Just look at my personal readings in my runs last Friday and Sunday.


What I observed is that gearing for a comfortable running (or jogging) pace leads to less stressful and higher number of running miles, with the extra bonus of  increased calorie expenditure. My  loss of 1 minute in pace was compensated by an increased mileage.


I refused to follow my instincts because I can be impulsive. One of my criteria in assessing the safety of my patients is their impulsivity - which is normal  to all of us in ordinary circumstances. Until we get sick and get confined in a hospital. While on bedrest, It is hard to be told you need to slow it down. Or worse, when a medical worker tells you to call for assistance whenever you want to get out of bed (to use the toilet for example) and the assistance doesn't respond immediately. 


There was a time I attended a class where we were told to stay still and watch the clock for a minute. I am telling you, that is the longest minute I ever watched. Maybe for another being who is used to waiting that may mean nothing. BUT if your bladder is about to burst, or your colon is ready to empty, 1 minute is 1 year long. And if no one is there to assist you as you were promised, heck, you will try to get out of that bed and BAM! A broken hip. 


I thought of this while jogging at a turtle pace covering 5 miles. A young woman passed me by. An older gentleman did the same which I would not tolerate in my impulsive younger years. You wanna race, I will give you a race. 


But my maturity has given me the leash of wisdom and restraint. I pay no attention to these young, energized, and maybe elite runners. I am not inclined to beat  personal records or prove anything at my age. No one sees me anymore. LOL. And I don’t see them. I would be living in illusion to even imagine these healthy, young and beautiful fast runners would have interest in me. I  raise my hand or bow my head towards them in crossing their paths. A little hello and good morning but that is all. They respond in kind. Mindlessly.  Just like them, I am focused on my little pace and little goal and my little joy. 


The idea is to set your own pace, your own drum beat; to assert your individual uniqueness; to be content with the little improvements you gain while maintaining safety based on your established self-parameters.

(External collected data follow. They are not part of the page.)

(* Let $\mathcal{A}=\{H_1,\dots,H_n\}$ be an essential arrangement in $K^l$. Then $\mathcal{I}(\bar{\mathcal{A}})$ determines $L(\mathcal{A})$, and vice versa.
   Context: Let $K$ be a field and let $\mathcal{A}=\{H_1,\dots,H_n\}$ be an affine arrangement of $n$ distinct, linearly ordered hyperplanes in $K^l$. The lattice of intersections is $L(\mathcal{A})=\{\bigcap_{H\in\mathcal{B}}H \mid \mathcal{B}\subseteq\mathcal{A}\}$ (the empty intersection being $K^l$), partially ordered by reverse inclusion and ranked by codimension. $\mathcal{A}$ is called essential if $L(\mathcal{A})$ contains an element of rank $l$, i.e. some intersection of hyperplanes of $\mathcal{A}$ is a point. The coning $c\mathcal{A}=\{\tilde H_1,\dots,\tilde H_{n+1}\}$ is a central arrangement in $K^{l+1}$, where $\tilde H_{n+1}$ corresponds to the hyperplane at infinity $H_\infty$; $\bar{\mathcal{A}}=\{\bar H_1,\dots,\bar H_{n+1}\}$ denotes the projectivization of $c\mathcal{A}$ in $K\mathbb{P}^l$ (so $\bar H_{n+1}=\bar H_\infty$). With $[n+1]=\{1,\dots,n+1\}$ and $[n+1]^{l+1}_<=\{(i_1,\dots,i_{l+1})\in[n+1]^{l+1} \mid i_1<\cdots<i_{l+1}\}$, define $\mathcal{I}(\bar{\mathcal{A}})=\{(i_1,\dots,i_{l+1})\in[n+1]^{l+1}_< \mid \bar H_{i_1}\cap\cdots\cap\bar H_{i_{l+1}}\neq\emptyset\}$. *)

From mathcomp Require Import all_boot all_order all_algebra.
Set Implicit Arguments. Unset Strict Implicit. Unset Printing Implicit Defensive.
Import GRing.Theory.
Local Open Scope ring_scope.

(* Affine hyperplanes in K^l are given by a pair (a, b), a a nonzero row
   vector; the hyperplane is { x in K^l | a . x = b }.  An ordered arrangement of n hyperplanes is a map
   A : 'I_n -> 'rV[K]_l * K (the order is the order of 'I_n). *)

Definition dotv (K : fieldType) (m : nat) (u v : 'rV[K]_m) : K :=
  \sum_(j < m) u 0 j * v 0 j.

Definition on_hyp (K : fieldType) (l : nat) (h : 'rV[K]_l * K) (x : 'rV[K]_l) : Prop :=
  dotv h.1 x = h.2.

Definition is_arrangement (K : fieldType) (l n : nat) (A : 'I_n -> 'rV[K]_l * K) : Prop :=
  (forall i, (A i).1 != 0) /\
  (forall i j : 'I_n, i != j -> exists x, ~ (on_hyp (A i) x <-> on_hyp (A j) x)).

(* x lies in the intersection of the hyperplanes indexed by B
   (the empty intersection is K^l) *)
Definition inter (K : fieldType) (l n : nat) (A : 'I_n -> 'rV[K]_l * K)
  (B : {set 'I_n}) (x : 'rV[K]_l) : Prop :=
  forall i, i \in B -> on_hyp (A i) x.

(* The intersection poset L(A), recorded with its labelling by subsets of A:
   L_sub A B C  <->  (intersection over B) is contained in (intersection over C). *)
Definition L_sub (K : fieldType) (l n : nat) (A : 'I_n -> 'rV[K]_l * K)
  (B C : {set 'I_n}) : Prop :=
  forall x, inter A B x -> inter A C x.

Definition essential (K : fieldType) (l n : nat) (A : 'I_n -> 'rV[K]_l * K) : Prop :=
  exists (B : {set 'I_n}) (x : 'rV[K]_l),
    inter A B x /\ forall y, inter A B y -> y = x.

(* Coning: the hyperplane a.x = b becomes the linear hyperplane with normal
   (a, -b) in K^(l+1); index n (= ord_max of 'I_(n+1)) is the hyperplane at
   infinity x_(l+1) = 0, with normal (0,...,0,1). *)
Definition cone_form (K : fieldType) (l n : nat) (A : 'I_n -> 'rV[K]_l * K)
  (k : 'I_n.+1) : 'rV[K]_l.+1 :=
  match unlift ord_max k with
  | Some i => \row_(j < l.+1) match unlift ord_max j with
                              | Some j' => (A i).1 0 j'
                              | None => - (A i).2
                              end
  | None => \row_(j < l.+1) (j == ord_max)%:R
  end.

(* t is in I(bar A): t is strictly increasing and the projective hyperplanes
   bar H_(t 0), ..., bar H_(t l) in KP^l have a common point, i.e. there is a
   nonzero vector of K^(l+1) on all the corresponding coned hyperplanes.
   (Indices are 0-based: [n+1] is 'I_(n+1), the last one being infinity.) *)
Definition in_I (K : fieldType) (l n : nat) (A : 'I_n -> 'rV[K]_l * K)
  (t : {ffun 'I_l.+1 -> 'I_n.+1}) : Prop :=
  (forall i j : 'I_l.+1, (i < j)%N -> (t i < t j)%N) /\
  exists v : 'rV[K]_l.+1, v != 0 /\ forall k, dotv (cone_form A (t k)) v = 0.

(* Both I(bar A) and L(A) are determined by the linear matroid of the coning
   vectors c_i = (a_i, -b_i) and c_oo = (0, ..., 0, 1) in K^(l+1).  A tuple is in
   I(bar A) iff its l+1 coning vectors are dependent, so I(bar A) lists the
   non-bases; as A is essential the c_k span K^(l+1), so the bases determine the
   span of any subfamily.  And the intersection over B lies in the intersection
   over C iff it is empty (c_oo is in the span of the c_i, i in B) or every c_i,
   i in C, is in that span.
   Conversely, l+1 coning vectors containing c_oo form a basis iff the other l
   hyperplanes meet in a single point, and l+1 vectors avoiding c_oo form a basis
   iff, for some j, the others meet in a single point off H_j.  Points are the
   minimal nonempty flats, and emptiness of a flat can be read off L(A) once we
   know whether A is central: A is not central iff L(A), with the empty set
   adjoined, has a strict chain with l+2 elements. *)

From mathcomp Require Import all_boot all_order all_algebra ring.
From Stdlib Require Import FunctionalExtensionality PropExtensionality.
Set Implicit Arguments. Unset Strict Implicit. Unset Printing Implicit Defensive.
Import GRing.Theory.
Local Open Scope ring_scope.

Section DotProduct.
Variables (F : fieldType) (m : nat).
Implicit Types (u x y : 'rV[F]_m) (a : F).

Lemma dotvDr u x y : dotv u (x + y) = dotv u x + dotv u y.
Proof. by rewrite /dotv -big_split; apply: eq_bigr => j _; rewrite !mxE mulrDr. Qed.

Lemma dotvZr u a x : dotv u (a *: x) = a * dotv u x.
Proof. by rewrite /dotv mulr_sumr; apply: eq_bigr => j _; rewrite !mxE mulrCA. Qed.

Lemma dotvBr u x y : dotv u (x - y) = dotv u x - dotv u y.
Proof. by rewrite dotvDr -scaleN1r dotvZr mulN1r. Qed.

Lemma dotv_mulmx u x : (u *m x^T) 0 0 = dotv u x.
Proof. by rewrite !mxE; apply: eq_bigr => j _; rewrite !mxE. Qed.

End DotProduct.

Section Subfamily.
Variables (F : fieldType) (d m : nat) (v : 'I_m -> 'rV[F]_d).
Implicit Types (X Y J T : {set 'I_m}) (w : 'rV[F]_d).

Definition subfamily_mx X : 'M[F]_(m, d) := \matrix_(k < m) (if k \in X then v k else 0).

Definition indep X := \rank (subfamily_mx X) == #|X|.

Definition is_basis X := (#|X| == d) && row_full (subfamily_mx X).

Definition perp X w := forall k, k \in X -> dotv (v k) w = 0.

Lemma subfamily_mx_mem X k : k \in X -> (v k <= subfamily_mx X)%MS.
Proof. by move=> kX; have := row_sub k (subfamily_mx X); rewrite rowK kX. Qed.

Lemma subfamily_mx_subP p (M : 'M_(p, d)) Y :
  (forall k, k \in Y -> (v k <= M)%MS) -> (subfamily_mx Y <= M)%MS.
Proof.
by move=> sYM; apply/row_subP => k; rewrite rowK; case: ifP => [/sYM|_]; rewrite ?sub0mx.
Qed.

Lemma subfamily_mxS X Y : X \subset Y -> (subfamily_mx X <= subfamily_mx Y)%MS.
Proof. by move=> /subsetP sXY; apply: subfamily_mx_subP => k /sXY /subfamily_mx_mem. Qed.

Lemma subfamily_mx0 : subfamily_mx set0 = 0.
Proof. by apply/row_matrixP => k; rewrite rowK inE row0. Qed.

Lemma rank_subfamily_mxU1 X k :
  (\rank (subfamily_mx (k |: X)) <= (\rank (subfamily_mx X)).+1)%N.
Proof.
have sub : (subfamily_mx (k |: X) <= subfamily_mx X + v k)%MS.
  apply: subfamily_mx_subP => b; rewrite !inE => /orP[/eqP->|bX].
    exact: addsmxSr.
  exact: submx_trans (subfamily_mx_mem bX) (addsmxSl _ _).
apply: leq_trans (mxrankS sub) _.
apply: leq_trans (leq_of_leqif (mxrank_adds_leqif _ _)) _.
by rewrite rank_rV addnC; case: (_ != 0); rewrite ?add0n ?add1n.
Qed.

Lemma rank_subfamily_mx X : (\rank (subfamily_mx X) <= #|X|)%N.
Proof.
elim: {X}#|X| {-2}X (erefl #|X|) => [|c IH] X cX.
  by move/eqP: cX; rewrite cards_eq0 => /eqP->; rewrite subfamily_mx0 mxrank0.
have [k kX] : {k | k \in X} by apply/sigW/set0Pn; rewrite -card_gt0 cX.
have cXk : #|X :\ k| = c by move: cX; rewrite (cardsD1 k) kX => -[].
rewrite cX -(setD1K kX); apply: leq_trans (rank_subfamily_mxU1 _ _) _.
by rewrite ltnS -cXk IH.
Qed.

Lemma perpU1 X k w : perp (k |: X) w <-> dotv (v k) w = 0 /\ perp X w.
Proof.
split=> [h|[hk hX] b]; first by split=> [|b bX]; apply: h; rewrite !inE ?eqxx ?bX ?orbT.
by rewrite !inE => /orP[/eqP->|/hX].
Qed.

Lemma perp_mulmx X w : perp X w <-> subfamily_mx X *m w^T = 0.
Proof.
have entry k : (subfamily_mx X *m w^T) k 0 = if k \in X then dotv (v k) w else 0.
  have -> : (subfamily_mx X *m w^T) k 0 = (row k (subfamily_mx X *m w^T)) 0 0.
    by rewrite !mxE.
  rewrite row_mul rowK.
  by case: (k \in X); rewrite dotv_mulmx // /dotv big1 // => j _; rewrite mxE mul0r.
split=> [h|h k kX].
  by apply/matrixP => k j; rewrite (ord1 j) entry mxE; case: ifP => // /h.
by move: (entry k); rewrite h kX mxE.
Qed.

Lemma row_full_perp X w : row_full (subfamily_mx X) -> perp X w -> w = 0.
Proof.
rewrite /row_full -mxrank_tr => free /perp_mulmx Sw; apply: (row_free_inj free).
by rewrite mul0mx -[LHS]trmxK trmx_mul trmxK Sw trmx0.
Qed.

Lemma perp_witness X : ~~ row_full (subfamily_mx X) -> exists2 w, w != 0 & perp X w.
Proof.
rewrite /row_full -mxrank_tr -[_ == _]/(row_free _) -kermx_eq0.
case/rowV0Pn => w /sub_kermxP wS nz_w; exists w => //; apply/perp_mulmx.
by rewrite -[LHS]trmxK trmx_mul trmxK wS trmx0.
Qed.

Lemma row_full_perpP X : reflect (forall w, perp X w -> w = 0) (row_full (subfamily_mx X)).
Proof.
apply: (iffP idP) => [full w|h]; first exact: row_full_perp.
by apply/negPn/negP => /perp_witness[w + /h w0]; rewrite w0 eqxx.
Qed.

Lemma perp_witness_notin X u :
  ~~ (u <= subfamily_mx X)%MS -> exists2 w, perp X w & dotv u w != 0.
Proof.
rewrite submxE; set C := cokermx _ => /rV0Pn[j nz_j]; exists (col j C)^T.
  by apply/perp_mulmx; rewrite trmxK colE mulmxA mulmx_coker mul0mx.
rewrite -dotv_mulmx trmxK (_ : (u *m col j C) 0 0 = (u *m C) 0 j) //.
by rewrite !mxE; apply: eq_bigr => i _; rewrite !mxE.
Qed.

Lemma subfamily_mx_perpP X u :
  reflect (forall w, perp X w -> dotv u w = 0) (u <= subfamily_mx X)%MS.
Proof.
apply: (iffP idP) => [/submxP[D ->] w /perp_mulmx Sw|h].
  by rewrite -dotv_mulmx -mulmxA Sw mulmx0 mxE.
by apply/negPn/negP => /perp_witness_notin[w /h ->]; rewrite eqxx.
Qed.

Lemma perp_subset X Y w : X \subset Y -> perp Y w -> perp X w.
Proof. by move=> /subsetP sXY hY k /sXY /hY. Qed.

Lemma row_full_subfamily_mxS X Y :
  (subfamily_mx X <= subfamily_mx Y)%MS -> row_full (subfamily_mx X) -> row_full (subfamily_mx Y).
Proof. by rewrite -!sub1mx => sXY /submx_trans; apply. Qed.

Lemma indep0 : indep set0.
Proof. by rewrite /indep subfamily_mx0 mxrank0 cards0. Qed.

Lemma indepU1 X k : indep X -> ~~ (v k <= subfamily_mx X)%MS -> indep (k |: X).
Proof.
move=> /eqP rX nkX.
have kX : k \notin X by apply: contra nkX; apply: subfamily_mx_mem.
rewrite /indep eqn_leq rank_subfamily_mx /= cardsU1 kX add1n -rX.
apply: rank_ltmx; rewrite ltmxE subfamily_mxS ?subsetUr //=.
by apply: contra nkX; apply: submx_trans; apply: subfamily_mx_mem; rewrite setU11.
Qed.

Suggested Heart Rate for runners 60 and above is 70-80 percent of max heart rate. 220-60 = 160(maximum heart rate) 70-80 percent of 160 is somewhere between 100=130 beats per minute. Also measure the recovery of heart rate when doing high intensity (those reaching higher than 130 beats for a short period) - it should recover in no more than 2 minutes.

Suggested ordinary pace for 60 and above males:  13 minutes per mile. 


These are suggested for ordinary folk like me. They don’t pertain to elite runners or those who had been very athletic and competitive throughout their lives. Believe me, I have seen runners  in their seventies who can beat the shit out of me. Well, you know yourselves, just beat your own drum, follow your bliss and joy.